Вскоре шум опять стал громче – кто-то вошел в туалет. Она сразу узнала Буга по голосу, грязной пеной взметнувшемуся над волной галдежа. Очевидно, ему нужно было тихое место, чтобы поговорить по телефону.
– Я не понимаю, – говорил Буг. – Мы не так договаривались, Вико.
«Вико?» Лиз навострила уши и затаила дыхание. Вико – наверное, это Виктор фон Браунсфельд, владелец медиахолдинга БМС, куда входил и канал TV2.
– Нет-нет. Я не жалуюсь, – поспешно добавил Буг. – Конечно, это прогресс, мне это ясно, но как директор канала я мог бы поспособствовать дальнейшему развитию…
Лиз удивленно распахнула глаза. Буг – и директор канала?

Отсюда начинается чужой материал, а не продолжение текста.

Lemma lift_shift_int {F : R -> R} :
  (exists2 d : R, (d = 1 \/ d = -1) & forall x, F (x + 1) = F x + d) ->
  forall (k : int) y, exists k' : int, F (y + k%:~R) = F y + k'%:~R.
Proof.
move=> [d [->|->] F1] k y; rewrite (shift_int _ _ F1).
  by exists k; rewrite mulr1.
by exists (- k); rewrite mulrN1 mulrNz.
Qed.

Definition rtrans {Om : Type} (eps : R) (kappa : Om -> R) (w : Om) : R :=
  1/4 + eps * kappa w.

Lemma rcomp_aff_orbit {Om : Type} {F0 : R -> R} {eps} {kappa : Om -> R}
    {theta w x} :
  (forall y, 1/4 <= y <= 3/4 -> exists k : int, F0 y = y / 2 + 1/4 + k%:~R) ->
  (forall (k : int) y, exists k' : int, F0 (y + k%:~R) = F0 y + k'%:~R) ->
  (forall j, 1/4/2 <= rtrans eps kappa (iter j theta w) <= 3/4/2) ->
  1/4 <= x <= 3/4 ->
  forall n, exists k : int, rcomp F0 eps kappa theta n w x =
    aff_orbit theta (rtrans eps kappa) w x n + k%:~R.
Proof.
move=> F0_I0 F0_shift cw x_I0.
elim=> [|n [k IH]] /=; first by exists 0; rewrite addr0.
rewrite /rmap IH.
have [k' ->] := F0_shift k (aff_orbit theta (rtrans eps kappa) w x n).
have [k0 ->] := F0_I0 _ (aff_orbit_itv _ _ n cw x_I0).
by exists (k0 + k'); rewrite /rtrans intrD; ring.
Qed.

End circle_lift.

Section past_orbit.
Context {d} {Om : measurableType d} {R : realType}.
Variables (eps : R) (kappa : Om -> R) (theta thinv : Om -> Om).

Definition past_orbit m w : R :=
  aff_orbit theta (rtrans eps kappa) (iter m thinv w) (1/2) m.

Lemma ae_cvgn_past_orbit_cells (P : probability Om R) :
  measurable_fun setT kappa -> measurable_fun setT theta ->
  measurable_fun setT thinv -> non_historic P theta ->
  {ae P, forall w m N i,
    cvgn (birkhoff_avg theta (\1_(past_orbit m @^-1` cell N i) : Om -> R) w)}.
Proof.
move=> mkappa mtheta mthinv nh.
have mc : measurable_fun setT (rtrans eps kappa).
  apply: measurable_funD; first exact: measurable_cst.
  by apply: measurable_funM => //; exact: measurable_cst.
have mpast m : measurable_fun setT (past_orbit m).
  exact: measurableT_comp (measurable_aff_orbit _ _ _ m mtheta mc)
                          (measurable_iter _ mthinv m).
apply: ae_foralln => m; apply: ae_foralln => N; apply: ae_foralln => i.
apply: non_historic_cvgn => //; apply: integrable_indic.
rewrite -[X in measurable X]setTI.
exact: mpast _ measurableT _ (measurable_itv _).
Qed.

Lemma cvgn_mean_aff_orbit (phi : R -> R) w x : cancel theta thinv ->
  (forall j, 1/4/2 <= rtrans eps kappa (iter j theta w) <= 3/4/2) ->
  (forall m N i,
    cvgn (birkhoff_avg theta (\1_(past_orbit m @^-1` cell N i) : Om -> R) w)) ->
  1/4 <= x <= 3/4 -> continuous phi ->
  cvgn (cesaro_mean (phi \o aff_orbit theta (rtrans eps kappa) w x)).
Proof.
move=> thetaK cw cells x_I0 cphi.
apply: (cvgn_mean_shadow _ _ (fun m j => past_orbit m (iter j theta w)) cphi).
- move=> j; move: (aff_orbit_itv _ _ j cw x_I0) => /andP[? ?].
  by apply/andP; split; lra.
- move=> e e0; have [m _ me] := near_infty_natSinv_expn_lt (PosNum e0).
  exists m; near=> j.
  have half_I0 : 1/4 <= (1/2 : R) <= 3/4 by apply/andP; split; lra.
  have mj : (m <= j)%N by near: j; exact: nbhs_infty_ge.
  have [dist /andP[? ?]] := aff_orbit_shadow _ _ m j thetaK cw x_I0 half_I0 mj.
  have /= := me m (leqnn m); rewrite /past_orbit.
  set t := (2 ^+ m)^-1 in dist * => ?.
  by split; [lra | apply/andP; split; lra].
- exact: cells.
Unshelve. all: by end_near.
Qed.

End past_orbit.

Theorem proposition1p3 (R : realType) (r : nat) (F0 : R -> R)
  (d : measure_display) (Om : measurableType d) (P : probability Om R)
  (kappa : Om -> R) (eps : R) (theta : Om -> Om) :
  (1 <= r)%N ->
  circle_Cr_diffeo_lift r F0 ->
  (forall x : R, 1/4 <= x <= 3/4 ->
     exists k : int, F0 x = x / 2 + 1/4 + k%:~R) ->
  measurable_fun setT kappa ->
  {ae P, forall w, -1 <= kappa w <= 1} ->
  0 < eps < 1/8 ->
  measurably_invertible theta ->
  nonsingular P theta ->
  non_historic P theta ->
  {ae P, forall w, forall x : R, 1/4 <= x <= 3/4 ->
     ~ historic_behaviour F0 eps kappa theta w x}.
Proof.
move=> _ [_ [_ F0_lift]] F0_I0 mkappa kappa_bd /andP[eps0 eps1]
  [mtheta [thinv mthinv [thetaK _]]] ns nh.
have c_bd :
    {ae P, forall w j, 1/4/2 <= rtrans eps kappa (iter j theta w) <= 3/4/2}.
  apply: (ae_iter _ _ mtheta ns (fun w => 1/4/2 <= rtrans eps kappa w <= 3/4/2)).
  apply: filterS kappa_bd => w /andP[? ?].
  by rewrite /rtrans; apply/andP; split; nra.
apply: filterS2 c_bd
  (ae_cvgn_past_orbit_cells _ _ _ thinv P mkappa mtheta mthinv nh).
move=> w cw cells x x_I0 [phi [cphi [phi1 ncvg]]]; apply/ncvg/cvg_ex.
pose orbit := aff_orbit theta (rtrans eps kappa) w x.
rewrite (_ : (fun n => _) = cesaro_mean (phi \o orbit)).
  exact: cvgn_mean_aff_orbit.
have phi1' y : phi (y + 1) = phi y + 0 by rewrite addr0.
apply/funext => n; congr (_ * _); apply: eq_bigr => j _ /=.
have [k ->] := rcomp_aff_orbit F0_I0 (lift_shift_int F0_lift) cw x_I0 j.
by rewrite (shift_int _ _ phi1') mulr0 addr0.
Qed.
Lemma kerval_imval_eq0 (a : kerT N) (b : imT N) :
  kerval a + imval b = 0 -> a = 0 /\ b = 0.
Proof.
move=> e; have := congr1 (pp N) e.
rewrite linearD pp_kerval pp_imval add0r linear0 => eb.
by split; apply: val_inj => //; move: e; rewrite /= eb addr0.
Qed.

End ThetaSubobjects.

Section KerImDecomposition.
Variable k : fieldType.
Variable F : LiePD k.
Hypothesis hF : is_liep F.
Local Notation M := (lcar (pL F)).

Definition kp (x : M) : kerT F := insubd 0 (x - pp F x).
Definition ip (x : M) : imT F := insubd 0 (pp F x).

Lemma kpE x : kerval (kp x) = x - pp F x.
Proof. by apply: kerval_insubd; rewrite linearB (pp_id hF) subrr. Qed.

Lemma ipE x : imval (ip x) = pp F x.
Proof. by apply: imval_insubd; rewrite (pp_id hF). Qed.

Lemma kp_linmap : @linmap k M (lcar (rL (Finv F))) kp.
Proof.
move=> a x y; apply: val_inj; rewrite /= !kpE linearP.
by rewrite scalerBr opprD addrACA.
Qed.

Lemma ip_linmap : @linmap k M (rV (Finv F)) ip.
Proof. by move=> a x y; apply: val_inj; rewrite /= !ipE linearP. Qed.

Lemma kerim_decomp x : x = kerval (kp x) + imval (ip x).
Proof. by rewrite kpE ipE subrK. Qed.

Lemma kp_kerval (l : kerT F) : kp (kerval l) = l.
Proof. by apply: val_inj; rewrite /= kpE pp_kerval subr0. Qed.

Lemma ip_kerval (l : kerT F) : ip (kerval l) = 0.
Proof. by apply: val_inj; rewrite /= ipE pp_kerval. Qed.

Lemma kp_imval (v : imT F) : kp (imval v) = 0.
Proof. by apply: val_inj; rewrite /= kpE (pp_imval hF) subrr. Qed.

Lemma ip_imval (v : imT F) : ip (imval v) = v.
Proof. by apply: val_inj; rewrite /= ipE (pp_imval hF). Qed.
From HB Require Import structures.
From mathcomp Require Import all_boot all_order all_algebra.
From Stdlib Require Import FunctionalExtensionality.
Set Implicit Arguments. Unset Strict Implicit. Unset Printing Implicit Defensive.
Import GRing.Theory.
Local Open Scope ring_scope.

(* In the basis of kF[I]^* dual to F[I], the map x |-> ω_x^* is the zeta
   transform a |-> (z |-> Σ_{x >= z} a_x): pairing ω_y with the indicator of
   the down-set of x gives Σ_{y <= z <= x} μ(y,z) = δ_{y,x}.  The zeta transform
   is inverted by Möbius inversion, it is natural because bijections act on F
   by order automorphisms, and it is multiplicative because the adjunction
   says that w <= y □ z exactly when Δ_S w <= y and Δ_T w <= z, so the sum over
   the up-set of w of a product factors as a product of sums over the up-sets
   of Δ_S w and Δ_T w. *)

Section FiniteSums.
Variables (R : comPzRingType) (T : finType).

Lemma sum_delta (P : pred T) (x : T) (G : T -> R) :
  \sum_(y | P y) (x == y)%:R * G y = (P x)%:R * G x.
Proof.
rewrite big_mkcond (bigD1 x) //= eqxx mul1r big1 ?addr0.
  by case: (P x); rewrite ?mul1r ?mul0r.
by move=> y /negbTE; rewrite eq_sym => ->; rewrite mul0r if_same.
Qed.

Lemma big_fibres (U : finType) (g : T -> U) (P : pred U) (G : T -> R) :
  \sum_(u | P u) \sum_(t | g t == u) G t = \sum_(t | P (g t)) G t.
Proof.
rewrite (partition_big g P) //; apply: eq_bigr => u Pu; apply: eq_bigl => t.
by case: eqP => [->|]; rewrite ?Pu ?andbF.
Qed.

Lemma sum_mul_inverseC (A B : T -> T -> R) :
    (forall i j, \sum_l A i l * B l j = (i == j)%:R) ->
  forall i j, \sum_l B i l * A l j = (i == j)%:R.
Proof.
move=> AB i j.
pose mx (C : T -> T -> R) : 'M[R]_#|T| :=
  \matrix_(p, q) C (enum_val p) (enum_val q).
have mx_mulE C C' p q :
    (mx C *m mx C') p q = \sum_l C (enum_val p) l * C' l (enum_val q).
  by rewrite !mxE (big_enum_val (fun l => C (enum_val p) l * C' l (enum_val q)));
     apply: eq_bigr => l _; rewrite !mxE.
have AB1 : mx A *m mx B = 1%:M.
  by apply/matrixP => p q; rewrite mx_mulE AB mxE (inj_eq enum_val_inj).
have /matrixP/(_ (enum_rank i) (enum_rank j)) := mulmx1C AB1.
by rewrite mx_mulE !enum_rankK mxE (inj_eq enum_rank_inj).
Qed.

End FiniteSums.

Section MobiusFunction.
Variables (k : fieldType) (F : poset_species) (I : finType).
Implicit Types x y z w : F I.
Local Notation le := (@sp_le F I).

Definition interval_size x y := #|[pred z | le x z && le z y]|.

Lemma interval_size_lt x y z :
  le x z -> le z y -> z != y -> (interval_size x z < interval_size x y)%N.
Proof.
move=> xz zy /negP zNy; apply/proper_card/properP; split.
  apply/subsetP => w; rewrite !inE => /andP[-> wz].
  exact: sp_le_trans wz zy.
exists y; rewrite !inE ?(sp_le_trans xz zy) ?sp_le_refl //=.
by apply/negP => yz; apply: zNy; rewrite (@sp_le_anti F I z y) // zy yz.
Qed.

Lemma mob_rec_fuel n x y :
  (interval_size x y <= n)%N -> mob_rec k n x y = mob_rec k n.+1 x y.
Proof.
elim: n y => [|n IH] y size_le /=.
  have xNy : ~~ le x y.
    apply/negP => xy; move: size_le; rewrite leqn0 => /eqP/card0_eq/(_ y).
    by rewrite !inE xy sp_le_refl.
  by case: eqP => [exy|]; [rewrite exy sp_le_refl in xNy | rewrite (negbTE xNy)].
case: eqP => // _; case: ifP => // _; congr (- _).
apply: eq_bigr => z /andP[/andP[xz zNy] zy]; apply: IH.
by rewrite -ltnS (leq_trans (interval_size_lt xz zy zNy)).
Qed.

Lemma mobiusE x y :
  mobius k x y =
    if x == y then 1
    else if le x y then - \sum_(z | le x z && (z != y) && le z y) mobius k x z
    else 0.
Proof.
have [N cardE] : exists N, #|F I| = N.+1.
  by exists #|F I|.-1; rewrite prednK //; apply/card_gt0P; exists x.
rewrite {1}/mobius cardE /=; case: eqP => // _; case: ifP => // _.
congr (- _); apply: eq_bigr => z /andP[/andP[xz zNy] zy].
rewrite /mobius cardE; apply: mob_rec_fuel.
by rewrite -ltnS -cardE (leq_trans (interval_size_lt xz zy zNy)) ?max_card.
Qed.

Lemma mobius_zeta x w :
  \sum_(y | le x y && le y w) mobius k x y = (x == w)%:R.
Proof.
have [<-|x_neq_w] := eqVneq x w.
  rewrite (big_pred1 x) ?mobiusE ?eqxx // => y /=.
  apply/idP/eqP => [/andP[xy yx]|->]; last by rewrite sp_le_refl.
  by apply: (@sp_le_anti F I); rewrite xy yx.
have [xw|x_nle_w] := boolP (le x w); last first.
  rewrite big_pred0 // => y; apply/negP => /andP[xy yw].
  by rewrite (sp_le_trans xy yw) in x_nle_w.
rewrite (bigD1 w) /=; last by rewrite xw sp_le_refl.
rewrite mobiusE (negbTE x_neq_w) xw.
rewrite [X in - X + _](eq_bigl (fun y => le x y && le y w && (y != w))) ?addNr //.
move=> z.
by rewrite -!andbA [(z != w) && _]andbC.
Qed.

– Какие сроки? – уточнил Буг.
Какое-то время было тихо.
– Да, это возможно, если вы мне… Что? Нет, тут просто шумно. Поднять эту тему? – Буг ехидно рассмеялся. – Не сомневайтесь, у меня уже есть кое-какие соображения. Это будет бомба! Писаки кучу бумаги измарают, ханжи ахнут, а зрителя от экрана не оттащишь.
«Бомба? – подумала Лиз. – Наверное, он говорит о какой-то новой передаче. Точно будет какая-нибудь низость».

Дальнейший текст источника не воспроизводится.